Serena Williams fera son grand retour en simple à Wimbledon mardi, affrontant Maya Joint. À 44 ans, la légende américaine aux 23 titres du Grand Chelem effectue un come-back inattendu, mais pour y parvenir, elle a dû accepter des sacrifices, notamment en matière de lutte antidopage.
Des contraintes antidopage jugées excessives
Depuis l'automne dernier, Serena Williams doit communiquer chaque jour sa localisation pour être testée à tout moment. « C'est épuisant », a-t-elle admis ce dimanche. Elle regrette que les joueuses puissent être contrôlées à n'importe quelle heure, même en dehors du créneau quotidien où elles partagent leur position avec les autorités antidopage.
« J'imagine que ça veut dire que je ne peux pas aller chercher mes enfants ? », s'est-elle agacée, elle qui est mère de deux filles. « Je déteste ça.

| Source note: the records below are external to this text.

(* In the allocation problem and Synchronized Greedy (SG) mechanism described in the context, let $S$ be a set of agents with $\min_j q_j\ge \sum_{i\in S} r_i$. Then there is no bid profile $\sigma$ with $\sigma_{i}=\pi_{i}$ for all $i\notin S$ such that $a^\sigma_{i*}$ is weakly preferred to $a^\pi_{i*}$ by every $i\in S$ (i.e., $a^\sigma_{i*}=a^\pi_{i*}$ or $a^\sigma_{i*}>_i a^\pi_{i*}$) and $a^\sigma_{i*}>_i a^\pi_{i*}$ for at least one $i\in S$. That is, SG is group strategy-proof against the family of all such coalitions $S$.
   Context: There are $m$ distinct divisible goods; good $j$ is available in amount $q_j>0$. There are $n$ agents; agent $i$ is to receive a total of $r_i>0$, with $\sum_j q_j=\sum_i r_i$. An allocation is a family $a_{ij}\ge 0$ with $\sum_j a_{ij}=r_i$ and $\sum_i a_{ij}=q_j$; $a_{i*}=(a_{i1},\ldots,a_{im})$ is agent $i$'s share. Each agent $i$ has a true preference list $\pi_i$, a permutation of the goods ($\pi_i(1)$ most preferred); $\pi=(\pi_1,\ldots,\pi_n)$. Agent $i$ prefers $a_{i*}$ to $b_{i*}$, written $a_{i*}>_i b_{i*}$, if the leftmost nonzero coordinate of $(a_{i\pi_i(\ell)}-b_{i\pi_i(\ell)})_{\ell=1}^m$ is positive. The SG mechanism: each agent $i$ bids a permutation $\sigma_i$ of the goods; over time $t\in[0,1]$ each agent $i$ receives, at rate $r_i$, the good highest in $\sigma_i$ among those not yet exhausted (a good is exhausted when the total amount handed out equals $q_j$; several agents may receive a good simultaneously; upon exhaustion, agents receiving it switch instantly to their next non-exhausted good). $a^\sigma_{ij}$ is the total amount of good $j$ agent $i$ receives under bid profile $\sigma$. *)

From HB Require Import structures.
From mathcomp Require Import all_boot all_order all_algebra all_fingroup.
Set Implicit Arguments. Unset Strict Implicit. Unset Printing Implicit Defensive.
Import Order.TTheory GRing.Theory Num.Theory.
Local Open Scope ring_scope.

(* Goods are 'I_m, agents are 'I_n.  A preference list / bid is a
   permutation p : {perm 'I_m}; p l is the good ranked at position l
   (position 0 = most preferred). *)

Section SG.
Variables (R : realFieldType) (m n : nat).

Definition sg_current (sig : {perm 'I_m}) (rem : 'I_m -> R) : option 'I_m :=
  ohead [seq j <- [seq sig l | l <- enum 'I_m] | 0 < rem j].

Definition sg_state := (R * ('I_m -> R) * ('I_n -> 'I_m -> R))%type.

(* One phase of the SG process: between two consecutive exhaustion events
   (or until time 1), every agent receives its current good at rate r i. *)
Definition sg_step (r : 'I_n -> R) (sig : 'I_n -> {perm 'I_m})
    (st : sg_state) : sg_state :=
  let: (t, rem, acc) := st in
  let rho j := \sum_(i < n | sg_current (sig i) rem == Some j) r i in
  let d := \big[Num.min/(1 - t)]_(j < m | 0 < rho j) (rem j / rho j) in
  (t + d, fun j => rem j - d * rho j,
   fun i j => acc i j + (if sg_current (sig i) rem == Some j then d * r i else 0)).

(* Each phase ends at time 1 or exhausts at least one good, so m.+1 phases
   run the process to completion (further phases change nothing). *)
Definition sg_alloc (q : 'I_m -> R) (r : 'I_n -> R) (sig : 'I_n -> {perm 'I_m})
    : 'I_n -> 'I_m -> R :=
  (iter m.+1 (sg_step r sig) (0, q, fun _ _ => 0)).2.

Definition lex_prefers (p : {perm 'I_m}) (a b : 'I_m -> R) : Prop :=
  exists l : 'I_m, (forall k : 'I_m, (k < l)%N -> a (p k) = b (p k))
                   /\ b (p l) < a (p l).

Definition weakly_prefers (p : {perm 'I_m}) (a b : 'I_m -> R) : Prop :=
  (forall j, a j = b j) \/ lex_prefers p a b.

End SG.

(* If good j is exhausted at time phi j, an SG agent bidding b eats its k-th
   good b k exactly during [max_{k'<k} phi (b k'), max_{k'<=k} phi (b k')] at
   its rate, so SG shares are determined by the exhaustion times.  Let E and F
   be the exhaustion times under the truthful profile pi and under a coalition
   deviation sigma.  If F <= E, then for every k the first k goods on an
   agent's true list are gone no later under sigma, so by that time it has
   eaten no more of them: its share cannot become lexicographically larger.
   Otherwise let j be the delayed good (E j < F j) with least E j.  Then
   E j < 1, so j is used up under pi; the coalition can absorb at most
   (sum_S r_i) E j < q_j of it, so some outsider eats j under pi.  Outsiders
   bid as before, reach j no later and eat it longer, so together they get
   strictly more of j under sigma, and some coalition member gets strictly
   less of j.  All goods that member ranks above j are exhausted no later
   than under pi, so it gains nothing before j: it is worse off. *)

From HB Require Import structures.
From mathcomp Require Import all_boot all_order all_algebra all_fingroup.
From mathcomp Require Import lra.
Import Order.TTheory GRing.Theory Num.Theory.
Local Open Scope ring_scope.
Set Implicit Arguments. Unset Strict Implicit. Unset Printing Implicit Defensive.

Lemma big_ord_ltS (T : Type) (idx : T) (op : SemiGroup.com_law T) m
    (F : 'I_m -> T) (l : 'I_m) :
  \big[op/idx]_(k < m | (k < l.+1)%N) F k
    = op (\big[op/idx]_(k < m | (k < l)%N) F k) (F l).
Proof.
rewrite (bigD1 l) ?ltnSn //= SemiGroup.opC; congr (op _ _); apply: eq_bigl => k.
by rewrite ltnS ltn_neqAle andbC.
Qed.

Lemma bigmin_id_or_attained (R : realFieldType) (I : Type) (s : seq I)
    (P : pred I) (F : I -> R) (x0 : R) :
  \big[Num.min/x0]_(i <- s | P i) F i = x0 \/
  exists2 i, P i & \big[Num.min/x0]_(i <- s | P i) F i = F i.
Proof.
apply: (big_rec (fun x => x = x0 \/ exists2 i, P i & x = F i)); first by left.
by move=> i x Pi IH; case: (leP (F i) x) => _; [right; exists i | ].
Qed.

Lemma max_subr_le_clamp (R : realFieldType) (x y G : R) : y <= G ->
  Num.max x y - x <= Num.min (Num.max x y) G - Num.min x G.
Proof. by move=> yG; case: (leP x y); case: (leP y G); case: (leP x G) => //; lra. Qed.

Section ReachTime.
Variables (R : realFieldType) (m : nat).
Implicit Types (phi : 'I_m -> R) (b : {perm 'I_m}).

(* The time at which an agent bidding [b] has finished its first [l] goods,
   when good [j] is exhausted at time [phi j]. *)
Definition reach_time phi b (l : nat) : R :=
  \big[Num.max/0]_(k < m | (k < l)%N) phi (b k).

Lemma reach_time0 phi b : reach_time phi b 0 = 0.
Proof. by rewrite /reach_time big_pred0. Qed.

Lemma reach_timeS phi b (k : 'I_m) :
  reach_time phi b k.+1 = Num.max (reach_time phi b k) (phi (b k)).
Proof. exact: big_ord_ltS. Qed.

Lemma reach_time_over phi b l : (m <= l)%N -> reach_time phi b l.+1 = reach_time phi b l.
Proof.
move=> ml; apply: eq_bigl => k.
by rewrite !(leq_trans (ltn_ord k)) // leqW.
Qed.

Lemma reach_time_ge0 phi b l : 0 <= reach_time phi b l.
Proof. exact: bigmax_ge_id. Qed.

Lemma reach_time_homo phi b : {homo reach_time phi b : l l' / (l <= l')%N >-> l <= l'}.
Proof. by move=> l l' ll'; apply: sub_bigmax => k /leq_trans; apply. Qed.

Lemma reach_time_ge phi b (k : 'I_m) l : (k < l)%N -> phi (b k) <= reach_time phi b l.
Proof. exact: le_bigmax_cond. Qed.

Lemma reach_time_le phi b l T : 0 <= T ->
  (forall k : 'I_m, (k < l)%N -> phi (b k) <= T) -> reach_time phi b l <= T.
Proof. exact: bigmax_le. Qed.

Lemma le_reach_time phi phi' b l :
  (forall k : 'I_m, (k < l)%N -> phi (b k) <= phi' (b k)) ->
  reach_time phi b l <= reach_time phi' b l.
Proof.
move=> le_phi; apply: reach_time_le => [|k kl]; first exact: reach_time_ge0.
exact: le_trans (le_phi k kl) (reach_time_ge _ _ kl).
Qed.

Lemma eq_reach_time phi phi' b l :
  (forall k : 'I_m, (k < l)%N -> phi (b k) = phi' (b k)) ->
  reach_time phi b l = reach_time phi' b l.
Proof. by move=> eq_phi; apply: eq_bigr => k /eq_phi. Qed.

Lemma reach_time_attained phi b T (k0 : 'I_m) l : 0 <= T ->
  (forall j, phi j <= T) -> phi (b k0) = T -> (k0 < l)%N -> reach_time phi b l = T.
Proof.
move=> T0 phiT phik0 k0l; apply/le_anti.
by rewrite reach_time_le //= -{1}phik0 reach_time_ge.
Qed.

End ReachTime.

Section GreedyShare.
Variables (R : realFieldType) (m : nat).
Implicit Types (a phi : 'I_m -> R) (b : {perm 'I_m}) (ri : R).

Definition greedy_share a ri phi b :=
  forall k : 'I_m, a (b k) = ri * (reach_time phi b k.+1 - reach_time phi b k).

Lemma greedy_share_prefix_sum a ri phi b l : greedy_share a ri phi b ->
  \sum_(k < m | (k < l)%N) a (b k) = ri * reach_time phi b l.
Proof.
move=> share; elim: l => [|l IH]; first by rewrite reach_time0 mulr0 big_pred0.
have [lm|ml] := ltnP l m.
  by rewrite (big_ord_ltS _ _ _ (Ordinal lm)) /= IH share -mulrDr addrC subrK.
rewrite reach_time_over // -IH; apply: eq_bigl => k.
by rewrite !(leq_trans (ltn_ord k)) // leqW.
Qed.

Lemma greedy_shareE a ri phi b g : greedy_share a ri phi b ->
  a g = ri * (Num.max (reach_time phi b (b^-1 g)%g) (phi g)
              - reach_time phi b (b^-1 g)%g).
Proof. by move=> share; rewrite -{1}(permKV b g) share reach_timeS permKV. Qed.

Lemma greedy_share_gt0 a ri phi b g : greedy_share a ri phi b ->
  0 < a g -> reach_time phi b (b^-1 g)%g < phi g.
Proof.
move=> share pos; rewrite ltNge; apply: contraTN pos => reached.
by rewrite (greedy_shareE g share) max_l // subrr mulr0 ltxx.
Qed.

Lemma greedy_share_ge0 a ri phi b g : greedy_share a ri phi b -> 0 <= ri -> 0 <= a g.
Proof.
move=> share ri0; rewrite -(permKV b g) share mulr_ge0 // subr_ge0.
exact: reach_time_homo.
Qed.

Lemma greedy_share_le a ri phi b g : greedy_share a ri phi b -> 0 <= ri ->
  0 <= phi g -> a g <= ri * phi g.
Proof.
move=> share ri0 phig0; rewrite (greedy_shareE g share) ler_wpM2l //.
have := reach_time_ge0 phi b (b^-1 g)%g.
by case: (leP (reach_time phi b (b^-1 g)%g) (phi g)); lra.
Qed.

Lemma greedy_share_sum_le a ri phi b (A : pred 'I_m) G :
  greedy_share a ri phi b -> 0 <= ri -> 0 <= G -> (forall g, A g -> phi g <= G) ->
  \sum_(g | A g) a g <= ri * G.
Proof.
move=> share ri0 G0 AG.
pose f l := Num.min (reach_time phi b l) G.
have f_homo (k : nat) : f k <= f k.+1 by apply: le_min2 => //; exact: reach_time_homo.
have incr (k : 'I_m) : A (b k) -> a (b k) <= ri * (f k.+1 - f k).
  move=> Abk; rewrite share ler_wpM2l // /f reach_timeS.
  exact: max_subr_le_clamp (AG _ Abk).
rewrite (reindex_inj (@perm_inj _ b)) /=; apply: le_trans (ler_sum _ incr) _.
apply: (@le_trans _ _ (\sum_(k < m) ri * (f k.+1 - f k))).
  rewrite [X in _ <= X](bigID (fun k => A (b k))) /= lerDl.
  by apply: sumr_ge0 => k _; rewrite mulr_ge0 // subr_ge0.
rewrite -mulr_sumr ler_wpM2l // -(big_mkord xpredT (fun k => f k.+1 - f k)).
by rewrite telescope_sumr // /f reach_time0 (min_l G0) subr0 ge_min lexx orbT.
Qed.

Lemma greedy_share_le_of_earlier aS aP ri F E bS p (k : 'I_m) :
  0 < ri -> greedy_share aS ri F bS -> greedy_share aP ri E p ->
  (forall j, 0 <= E j) ->
  (forall k' : 'I_m, (k' <= k)%N -> F (p k') <= E (p k')) ->
  (forall k' : 'I_m, (k' < k)%N -> aS (p k') = aP (p k')) ->
  aS (p k) <= aP (p k).
Proof.
move=> ri0 shS shP E0 FE same_prefix.
have : \sum_(g | ((p^-1)%g g < k.+1)%N) aS g <= ri * reach_time E p k.+1.
  apply: greedy_share_sum_le shS (ltW ri0) (reach_time_ge0 _ _ _) _ => g kg.
  by rewrite -(permKV p g); apply: le_trans (FE _ kg) (reach_time_ge _ _ _).
rewrite (reindex_inj (@perm_inj _ p)) /=.
under eq_bigl do rewrite permK.
rewrite -(greedy_share_prefix_sum _ shP) !big_ord_ltS.
under eq_bigr => k' k'k do rewrite same_prefix //.
by rewrite lerD2l.
Qed.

Je pense que c'est nécessaire, mais il doit y avoir un moyen de rendre tout ça plus raisonnable », estime-t-elle.
Un frein majeur à son retour
Serena Williams confie que ces contraintes ont été l'une des principales raisons de son hésitation à revenir sur le circuit. « J'ai une vie bien chargée, je dirige une société de capital-risque, je voyage dans le monde, j'ai des enfants… Je peux me trouver dans tellement de villes différentes », explique-t-elle.
Il y a six jours, l'Agence internationale pour l'intégrité du tennis (Itia) a annoncé une suspension de quatre ans à l'encontre de Marketa Vondrousova, qui a refusé de se soumettre à un contrôle antidopage en décembre.